* [Directions for this task]
Repeat each entry below without omitting a single word.

* [Data under study]
(* Let $K$ be a nonempty, compact and convex subset of a real Hausdorff locally convex topological vector space $X$, let $Y$ be a closed, convex, bounded and symmetric ($Y=-Y$) subset of a locally convex topological vector space, let $U\subseteq K$ be self-segment-dense in $K$ and suppose that $\operatorname{co}(U)$ is segment-dense in $K$. Let $f:K\times Y\to\mathbb R$ be bounded and satisfy: (i) for every $y\in Y$ the map $x\mapsto f(x,y)$ is convex and continuous on $K$; (ii) for every $x\in K$ the map $y\mapsto f(x,y)$ is affine and continuous on $Y$. Then $\{f(u,\cdot)\}_{u\in U}$ is dense in $\{f(x,\cdot)\}_{x\in K}$ in $B(Y)$; that is, for every $k\in K$ and $\varepsilon>0$ there exists $u\in U$ with $\sup_{y\in Y}|f(u,y)-f(k,y)|<\varepsilon$.
   Context: $B(Y)$ is the space of bounded real functions on $Y$ with the uniform norm. $\operatorname{co}$ is the convex hull. Affine: $f(x,(1-t)y_1+ty_2)=(1-t)f(x,y_1)+tf(x,y_2)$ for $y_1,y_2\in Y$, $t\in[0,1]$. $[x,y]=\{x+t(y-x):t\in[0,1]\}$. Self-segment-dense: for convex $V$ and $U\subseteq V$, $U$ is self-segment-dense in $V$ if $V\subseteq\operatorname{cl}U$ and for all $x,y\in U$, $[x,y]\cap U$ is dense in $[x,y]$. Segment-dense: for convex $V$ and $U\subseteq V$, $U$ is segment-dense in $V$ if for each $x\in V$ there is $y\in U$ such that $x$ is a cluster point of $[x,y]\cap U$. *)

From Stdlib Require Import Reals List.
Open Scope R_scope.
Set Implicit Arguments.


Record TVS : Type := {
  tv :> Type;
  vadd : tv -> tv -> tv;
  vzero : tv;
  vopp : tv -> tv;
  vscal : R -> tv -> tv;
  vaddA : forall x y z, vadd x (vadd y z) = vadd (vadd x y) z;
  vaddC : forall x y, vadd x y = vadd y x;
  vadd0 : forall x, vadd x vzero = x;
  vaddN : forall x, vadd x (vopp x) = vzero;
  vscalA : forall a b x, vscal a (vscal b x) = vscal (a * b) x;
  vscal1 : forall x, vscal 1 x = x;
  vscalDr : forall a x y, vscal a (vadd x y) = vadd (vscal a x) (vscal a y);
  vscalDl : forall a b x, vscal (a + b) x = vadd (vscal a x) (vscal b x);
  vopen : (tv -> Prop) -> Prop;
  vopen_full : vopen (fun _ => True);
  vopen_inter : forall A B, vopen A -> vopen B -> vopen (fun x => A x /\ B x);
  vopen_union : forall F : (tv -> Prop) -> Prop,
      (forall A, F A -> vopen A) -> vopen (fun x => exists A, F A /\ A x);
  vadd_cont : forall x y W, vopen W -> W (vadd x y) ->
      exists U V, vopen U /\ vopen V /\ U x /\ V y /\
        forall a b, U a -> V b -> W (vadd a b);
  vscal_cont : forall t x W, vopen W -> W (vscal t x) ->
      exists d U, 0 < d /\ vopen U /\ U x /\
        forall s a, Rabs (s - t) < d -> U a -> W (vscal s a)
}.

Arguments vadd {_}. Arguments vscal {_}. Arguments vopp {_}. Arguments vzero {_}. Arguments vopen {_}.
Section Defs.
Context {X : TVS}.

Definition subset (A B : X -> Prop) := forall x, A x -> B x.

Definition comb (t : R) (x y : X) : X :=
  vadd (vscal (1 - t) x) (vscal t y).

Definition tv_convex (C : X -> Prop) :=
  forall x y t, C x -> C y -> 0 <= t <= 1 -> C (comb t x y).

Definition co (U : X -> Prop) : X -> Prop :=
  fun z => forall C, tv_convex C -> subset U C -> C z.

Definition segment (x y : X) : X -> Prop :=
  fun z => exists t, 0 <= t <= 1 /\ z = vadd x (vscal t (vadd y (vopp x))).

Definition tv_closure (A : X -> Prop) : X -> Prop :=
  fun x => forall W, vopen W -> W x -> exists a, W a /\ A a.

Definition tv_closed (A : X -> Prop) := vopen (fun x => ~ A x).

Definition cluster_point (A : X -> Prop) (x : X) :=
  forall W, vopen W -> W x -> exists a, W a /\ A a /\ a <> x.

Definition dense_in (A S : X -> Prop) := subset S (tv_closure A).

Definition self_segment_dense (U V : X -> Prop) :=
  subset U V /\ subset V (tv_closure U) /\
  forall x y, U x -> U y ->
    dense_in (fun z => segment x y z /\ U z) (segment x y).

Definition segment_dense (U V : X -> Prop) :=
  subset U V /\
  forall x, V x -> exists y, U y /\
    cluster_point (fun z => segment x y z /\ U z) x.

Definition tv_compact (K : X -> Prop) :=
  forall (I : Type) (O : I -> X -> Prop),
    (forall i, vopen (O i)) -> (forall x, K x -> exists i, O i x) ->
    exists l : list I, forall x, K x -> exists i, In i l /\ O i x.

* [Exercise result]
(* Let $K$ be a nonempty, compact and convex subset of a real Hausdorff locally convex topological vector space $X$, let $Y$ be a closed, convex, bounded and symmetric ($Y=-Y$) subset of a locally convex topological vector space, let $U\subseteq K$ be self-segment-dense in $K$ and suppose that $\operatorname{co}(U)$ is segment-dense in $K$. Let $f:K\times Y\to\mathbb R$ be bounded and satisfy: (i) for every $y\in Y$ the map $x\mapsto f(x,y)$ is convex and continuous on $K$; (ii) for every $x\in K$ the map $y\mapsto f(x,y)$ is affine and continuous on $Y$. Then $\{f(u,\cdot)\}_{u\in U}$ is dense in $\{f(x,\cdot)\}_{x\in K}$ in $B(Y)$; that is, for every $k\in K$ and $\varepsilon>0$ there exists $u\in U$ with $\sup_{y\in Y}|f(u,y)-f(k,y)|<\varepsilon$.
   Context: $B(Y)$ is the space of bounded real functions on $Y$ with the uniform norm. $\operatorname{co}$ is the convex hull. Affine: $f(x,(1-t)y_1+ty_2)=(1-t)f(x,y_1)+tf(x,y_2)$ for $y_1,y_2\in Y$, $t\in[0,1]$. $[x,y]=\{x+t(y-x):t\in[0,1]\}$. Self-segment-dense: for convex $V$ and $U\subseteq V$, $U$ is self-segment-dense in $V$ if $V\subseteq\operatorname{cl}U$ and for all $x,y\in U$, $[x,y]\cap U$ is dense in $[x,y]$. Segment-dense: for convex $V$ and $U\subseteq V$, $U$ is segment-dense in $V$ if for each $x\in V$ there is $y\in U$ such that $x$ is a cluster point of $[x,y]\cap U$. *)

From Stdlib Require Import Reals List.
Open Scope R_scope.
Set Implicit Arguments.


Record TVS : Type := {
  tv :> Type;
  vadd : tv -> tv -> tv;
  vzero : tv;
  vopp : tv -> tv;
  vscal : R -> tv -> tv;
  vaddA : forall x y z, vadd x (vadd y z) = vadd (vadd x y) z;
  vaddC : forall x y, vadd x y = vadd y x;
  vadd0 : forall x, vadd x vzero = x;
  vaddN : forall x, vadd x (vopp x) = vzero;
  vscalA : forall a b x, vscal a (vscal b x) = vscal (a * b) x;
  vscal1 : forall x, vscal 1 x = x;
  vscalDr : forall a x y, vscal a (vadd x y) = vadd (vscal a x) (vscal a y);
  vscalDl : forall a b x, vscal (a + b) x = vadd (vscal a x) (vscal b x);
  vopen : (tv -> Prop) -> Prop;
  vopen_full : vopen (fun _ => True);
  vopen_inter : forall A B, vopen A -> vopen B -> vopen (fun x => A x /\ B x);
  vopen_union : forall F : (tv -> Prop) -> Prop,
      (forall A, F A -> vopen A) -> vopen (fun x => exists A, F A /\ A x);
  vadd_cont : forall x y W, vopen W -> W (vadd x y) ->
      exists U V, vopen U /\ vopen V /\ U x /\ V y /\
        forall a b, U a -> V b -> W (vadd a b);
  vscal_cont : forall t x W, vopen W -> W (vscal t x) ->
      exists d U, 0 < d /\ vopen U /\ U x /\
        forall s a, Rabs (s - t) < d -> U a -> W (vscal s a)
}.

Arguments vadd {_}. Arguments vscal {_}. Arguments vopp {_}. Arguments vzero {_}. Arguments vopen {_}.
Section Defs.
Context {X : TVS}.

Definition subset (A B : X -> Prop) := forall x, A x -> B x.

Definition comb (t : R) (x y : X) : X :=
  vadd (vscal (1 - t) x) (vscal t y).

Definition tv_convex (C : X -> Prop) :=
  forall x y t, C x -> C y -> 0 <= t <= 1 -> C (comb t x y).

Definition co (U : X -> Prop) : X -> Prop :=
  fun z => forall C, tv_convex C -> subset U C -> C z.

Definition segment (x y : X) : X -> Prop :=
  fun z => exists t, 0 <= t <= 1 /\ z = vadd x (vscal t (vadd y (vopp x))).

Definition tv_closure (A : X -> Prop) : X -> Prop :=
  fun x => forall W, vopen W -> W x -> exists a, W a /\ A a.

Definition tv_closed (A : X -> Prop) := vopen (fun x => ~ A x).

Definition cluster_point (A : X -> Prop) (x : X) :=
  forall W, vopen W -> W x -> exists a, W a /\ A a /\ a <> x.

Definition dense_in (A S : X -> Prop) := subset S (tv_closure A).

Definition self_segment_dense (U V : X -> Prop) :=
  subset U V /\ subset V (tv_closure U) /\
  forall x y, U x -> U y ->
    dense_in (fun z => segment x y z /\ U z) (segment x y).

Definition segment_dense (U V : X -> Prop) :=
  subset U V /\
  forall x, V x -> exists y, U y /\
    cluster_point (fun z => segment x y z /\ U z) x.

Definition tv_compact (K : X -> Prop) :=
  forall (I : Type) (O : I -> X -> Prop),
    (forall i, vopen (O i)) -> (forall x, K x -> exists i, O i x) ->
    exists l : list I, forall x, K x -> exists i, In i l /\ O i x.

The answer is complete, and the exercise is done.